Strait of Hormuz: alternative jet fuel supplies are not enough
For analysts, flows from the US and North Africa averted risks in the short term. UK opens up to Russia and Germany to Israel
Key points
by Mara Monti
Airlines celebrate on the stock exchange the more concrete signs of a possible agreement between the United States and Iran. Markets are betting on an easing of tensions in the Middle East and, above all, on the reopening of the Strait of Hormuz.
No one, however, is under any illusions. Even if Hormuz, through which some 30% of aviation fuel destined for Europe transited before the crisis, were to reopen tomorrow, it would still take months to return to normal.

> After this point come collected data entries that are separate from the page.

Lemma path_comp_set_type (a b : set_type A) :
  path_comp A (val a) (val b) -> @path_comp (set_type A) setT a b.
Proof.
move=> [g [pg g0 g1 gA]]; exists (fun r => insubd a (g r)); split => //.
- apply: (continuous_set_type (X := subspace i01)).
  apply: (@subspace_eq_continuous _ _ _ g) => // r /set_mem r01.
  by rewrite /from_subspace /= insubdK //; apply/mem_set; apply: gA; exists r.
- by apply: val_inj; rewrite insubdK // g0; exact: valP.
- by apply: val_inj; rewrite insubdK // g1; exact: valP.
Qed.

End Subspace.

(** * The Peano fibered product *)

Unset Implicit Arguments.

Section FiberedProduct.
Context {B : topologicalType} {S : Type} {E : S -> topologicalType}
  (p : forall s, E s -> B) (e : forall s, E s).

Local Notation FS := (fib_space p e).

Definition fib_proj (t : S) (x : FS) : E t :=
  projT1 (x : set_type (fib_comp p e)) t.

Lemma fib_proj_continuous t : continuous (fib_proj t).
Proof.
move=> x; have cval := continuous_comp (@peanify_id_continuous _ x) (@set_val_continuous _ _ x).
exact: continuous_comp cval (prod_proj_continuous t _).
Qed.

Lemma fib_proj_over s t (x : FS) : p s (fib_proj s x) = p t (fib_proj t x).
Proof. exact: (path_comp_memr (set_valP (x : set_type (fib_comp p e)))). Qed.

Lemma fib_space_ext (x y : FS) :
  (forall t, fib_proj t x = fib_proj t y) -> x = y.
Proof. by move=> xy; apply: val_inj; exact: functional_extensionality_dep. Qed.
Lemma shift_plus_rank1_mul A B r s c d :
  shift_plus_rank1 A r c -> shift_plus_rank1 B s d ->
  shift_plus_rank1 (A *m B) (r * s) (c + d).
Proof.
move=> [v ->] [w ->]; exists (r *: (P c *m w) + s *: v + v *m (ones *m w)).
rewrite mulmxDl !mulmxDr -!scalemxAl -!scalemxAr scalerA shift_mxD.
rewrite -[v *m _ *m perm_mx _]mulmxA ones_mul_perm.
by rewrite !mulmxDl -!scalemxAl !mulmxA !addrA.
Qed.

Lemma shift_plus_rank1_invmx A r c :
  r \is a GRing.unit -> ones *m A = ones -> shift_plus_rank1 A r c ->
  A \in unitmx /\ shift_plus_rank1 (invmx A) r^-1 (- c).
Proof.
move=> Ur HA [w defA].
have PcP : P c *m P (- c) = 1%:M by rewrite -shift_mxD subrr shift_mx0.
have UA : A \in unitmx.
  have colsum_r : ones *m (r *: P c) = r *: ones by rewrite -scalemxAr ones_mul_perm.
  have det_rA : r * \det A = 1 * \det (r *: P c).
    by rewrite defA; apply: det_rank1_update_colsum; rewrite // -defA scale1r.
  rewrite mul1r detZ in det_rA; rewrite unitmxE.
  have : (r * \det A) \is a GRing.unit.
    by rewrite det_rA det_perm unitrM !unitrX ?unitrN1.
  by rewrite unitrM => /andP[].
split=> //; exists (- r^-1 *: (invmx A *m w)).
have : 1%:M = r *: (invmx A *m P c) + invmx A *m w *m ones.
  by rewrite -(mulVmx UA) {2}defA mulmxDr -scalemxAr mulmxA.
move=> /(congr1 (fun M => r^-1 *: (M *m P (- c)))).
rewrite mul1mx mulmxDl !scalerDr -!scalemxAl -!mulmxA PcP mulmx1 scalerA mulVr //.
by rewrite scale1r ones_mul_perm => ->; rewrite scaleNr addrK.
Qed.

Lemma shift_plus_rank1_iter A r c (j : nat) :
  ones *m A = ones -> shift_plus_rank1 A r c ->
  ones *m iter j (mulmx A) 1%:M = ones /\
  shift_plus_rank1 (iter j (mulmx A) 1%:M) (r ^+ j) (c *+ j).
Proof.
move=> HA sA; elim: j => [|j [Hj sj]] /=.
  by rewrite mulmx1 expr0 mulr0n; split=> //; exact: shift_plus_rank1_id.
by rewrite mulmxA HA Hj exprS mulrS; split=> //; exact: shift_plus_rank1_mul.
Qed.

Lemma shift_plus_rank1_mxpowz A r c (k : int) :
  r \is a GRing.unit -> ones *m A = ones -> shift_plus_rank1 A r c ->
  ones *m mxpowz A k = ones /\ shift_plus_rank1 (mxpowz A k) (r ^ k) (c *~ k).
Proof.
move=> Ur HA sA; case: k => j /=; first exact: shift_plus_rank1_iter.
have [Hj sj] := shift_plus_rank1_iter j.+1 HA sA.
have [Uj sVj] := shift_plus_rank1_invmx (unitrX j.+1 Ur) Hj sj.
by split=> //; rewrite -{1}Hj mulmxK.
Qed.

Lemma det_1_sub_shift_plus_rank1 A r c (t : R) :
  ones *m A = ones -> shift_plus_rank1 A r c ->
  (1 - t * r) * \det (1%:M - t *: A) = (1 - t) * \det (1%:M - (t * r) *: P c).
Proof.
move=> HA [w defA].
have def1A : 1%:M - t *: A = 1%:M - (t * r) *: P c + (- t *: w) *m ones.
  by rewrite defA scalerDr scalerA -scalemxAl scaleNr opprD addrA.
rewrite def1A; apply: det_rank1_update_colsum.
  by rewrite -def1A mulmxBr mulmx1 -scalemxAr HA -{1}[ones]scale1r -scalerBl.
by rewrite mulmxBr mulmx1 -scalemxAr ones_mul_perm -{1}[ones]scale1r -scalerBl.
Qed.

End ShiftPlusRank1.

Section BurauDelta.
Variables (R : comNzRingType) (N : nat) (q : R).
Local Notation n := N.+2.

Lemma sum_mul_natr_eq (f : 'I_n -> R) (x : nat) (hx : (x < n)%N) :
  \sum_c f c * (c == x :> nat)%:R = f (Ordinal hx).
Proof.
rewrite (bigD1 (Ordinal hx)) //= eqxx mulr1 big1 ?addr0 // => c.
by rewrite -val_eqE /= => /negbTE ->; rewrite mulr0.
Qed.

Lemma mul_burau_gen (A : 'M[R]_n) k (hk : (k.+1 < n)%N) (a b : 'I_n) :
  (A *m burau_gen n q k.+1) a b =
  if b == k :> nat then (1 - q) * A a (Ordinal (ltnW hk)) + q * A a (Ordinal hk)
  else if b == k.+1 :> nat then A a (Ordinal (ltnW hk)) else A a b.
Proof.
rewrite mxE; have kk1 : (k == k.+1) = false by rewrite ltn_eqF.
have k1k : (k.+1 == k) = false by rewrite gtn_eqF.
case: ifP => [/eqP bk|bk]; first rewrite -(sum_mul_natr_eq (A a) (ltnW hk)).
  rewrite -(sum_mul_natr_eq (A a) hk) !mulr_sumr -big_split /=.
  apply: eq_bigr => c _; rewrite mxE /= -val_eqE /= bk eqxx kk1 /=.
  by do ?case: eqP => /= ?; rewrite ?mulr1n ?mulr0n; try lia; ring.
case: ifP => [/eqP bk1|bk1]; first rewrite -(sum_mul_natr_eq (A a) (ltnW hk)).
  apply: eq_bigr => c _; rewrite mxE /= -val_eqE /= bk1 eqxx k1k /=.
  by do ?case: eqP => /= ?; rewrite ?mulr1n ?mulr0n; try lia; ring.
rewrite (eq_bigr (fun c => A a c * (c == b :> nat)%:R)) => [|c _].
  by rewrite (sum_mul_natr_eq _ (ltn_ord b)); congr (A a _); apply: val_inj.
by rewrite mxE /= bk bk1 !andbF.
Qed.

Definition burau_prefix k : 'M[R]_n :=
  foldr (fun i A => burau_gen n q i *m A) 1%:M (iota 1 k).

Lemma burau_prefixS k : burau_prefix k.+1 = burau_prefix k *m burau_gen n q k.+1.
Proof.
have foldr_mul s (A : 'M[R]_n) : foldr (fun i A => burau_gen n q i *m A) A s =
    foldr (fun i A => burau_gen n q i *m A) 1%:M s *m A.
  by elim: s => [|i s IH] /=; rewrite ?mul1mx // IH mulmxA.
by rewrite /burau_prefix -[k.+1]addn1 iotaD foldr_cat /= mulmx1 foldr_mul addnC.
Qed.

Definition burau_prefix_entry k (a b : nat) : R :=
  if a == 0%N then (if (b < k)%N then 1 - q else if b == k then 1 else 0)
  else if (a <= k)%N then (if b == a.-1 then q else 0) else (a == b)%:R.

Lemma burau_prefixE k : (k < n)%N ->
  burau_prefix k = \matrix_(a, b) burau_prefix_entry k a b.
Proof.
elim: k => [_|k IH hk].
  apply/matrixP => a b; rewrite !mxE /burau_prefix_entry -val_eqE /=.
  case: ifP => [/eqP ->|a0]; last by rewrite leqn0 a0.
  by rewrite eq_sym; case: eqP.
rewrite burau_prefixS; apply/matrixP => a b.
rewrite mul_burau_gen IH ?(ltnW hk) // !mxE /burau_prefix_entry /=.
have ha := ltn_ord a; have hb := ltn_ord b; rewrite !ltnn !eqxx.
by do ! case: ifP => ?; do ? case: eqP => ?; rewrite ?mulr1n ?mulr0n;
  try (exfalso; lia); ring.
Qed.

Lemma burau_deltaE : burau_delta n q =
  q *: perm_mx (subr_perm 1) + (1 - q) *: ((delta_mx 0 0 : 'cV_n) *m const_mx 1).
Proof.
rewrite /burau_delta -/(burau_prefix N.+1) burau_prefixE //; apply/matrixP => a b.
rewrite !mxE big_ord1 !mxE subr_permE subr_eq -val_eqE /= modnDmr.
rewrite eqxx andbT mulr1 -val_eqE /burau_prefix_entry /=.
have ha := ltn_ord a; have hb := ltn_ord b.
have [bN|bN] := eqVneq (b : nat) N.+1;
  [rewrite bN addn1 modnn | rewrite modn_small addn1; last lia];
  by do ? case: eqP => ?; do ! case: ifP => ?; rewrite ?mulr1n ?mulr0n;
    try (exfalso; lia); ring.
Qed.

End BurauDelta.

Section BurauSigma.
Variables (R : comUnitRingType) (N : nat) (q : R).
Local Notation n := N.+2.
Local Notation ones := (const_mx 1 : 'rV[R]_n).

Lemma ones_mul_burau_delta : ones *m burau_delta n q = ones.
Proof.
rewrite burau_deltaE mulmxDr -!scalemxAr ones_mul_perm mulmxA ones_mul_e0.
by rewrite mul1mx -scalerDl addrC subrK scale1r.
Qed.

Lemma burau_delta_shift_plus_rank1 : shift_plus_rank1 (burau_delta n q) q 1.
Proof. by exists ((1 - q) *: delta_mx 0 0); rewrite burau_deltaE scalemxAl. Qed.

Lemma unitZp_intr (k : int) : coprime n `|k| -> (k%:~R : 'I_n) \is a GRing.unit.
Proof.
case: k => j /= cj; first by rewrite -pmulrn (@unitZpE n j).
by rewrite NegzE mulrNz unitrN -pmulrn (@unitZpE n j.+1).
Qed.

Lemma det_1_sub_burau_sigma (t : R) (k : int) :
  q \is a GRing.unit -> coprime n `|k| ->
  (1 - t * q ^ k) * \det (1%:M - t *: burau_sigma n q k) =
  (1 - t) * \det (1%:M - (t * q ^ k) *: perm_mx (subr_perm (1 : 'I_n))).
Proof.
move=> Uq ck.
have [Hk sk] := shift_plus_rank1_mxpowz k Uq ones_mul_burau_delta
  burau_delta_shift_plus_rank1.
rewrite (det_1_sub_shift_plus_rank1 _ Hk sk).
by have [s ->] := subr_perm_conj (unitZp_intr ck); rewrite det_1_sub_perm_conj.
Qed.

End BurauSigma.

(* Also valid when [x = 0], hence [d = 0], thanks to the convention [0^-1 = 0]. *)
Lemma div_eq_div_of_mul_eq (F : fieldType) (a c d x : F) :
  a != 0 -> c != 0 -> c * d = a * x -> a / d = c / x.
Proof.
move=> a0 c0 E; have -> : d = a * x / c by rewrite -E mulrC mulKf.
by rewrite !invfM invrK !mulrA mulfV // mul1r mulrC.
Qed.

Alternative supplies of jet fuel only partly compensated
For the time being, the risk of fuel rationing in Europe, which has already emerged in some Asian countries, seems to have been averted. "Supply has remained stable thanks to jet fuel from the US and Nigeria, via the Dangote refinery," explain analysts at Kpler, a company specialising in oil sector analysis. Despite the improved scenario, risks remain high. Alternative supplies have only compensated for the needs of April and May and may not be enough in the long run. In that case, many countries would be forced to draw further on strategic stocks, which are already close to their lowest in five years.
Refineries are working at full capacity
Rising prices prompted many refiners to redirect cargoes initially destined for other markets to Europe, more quickly than expected offsetting the loss of supplies from the Gulf.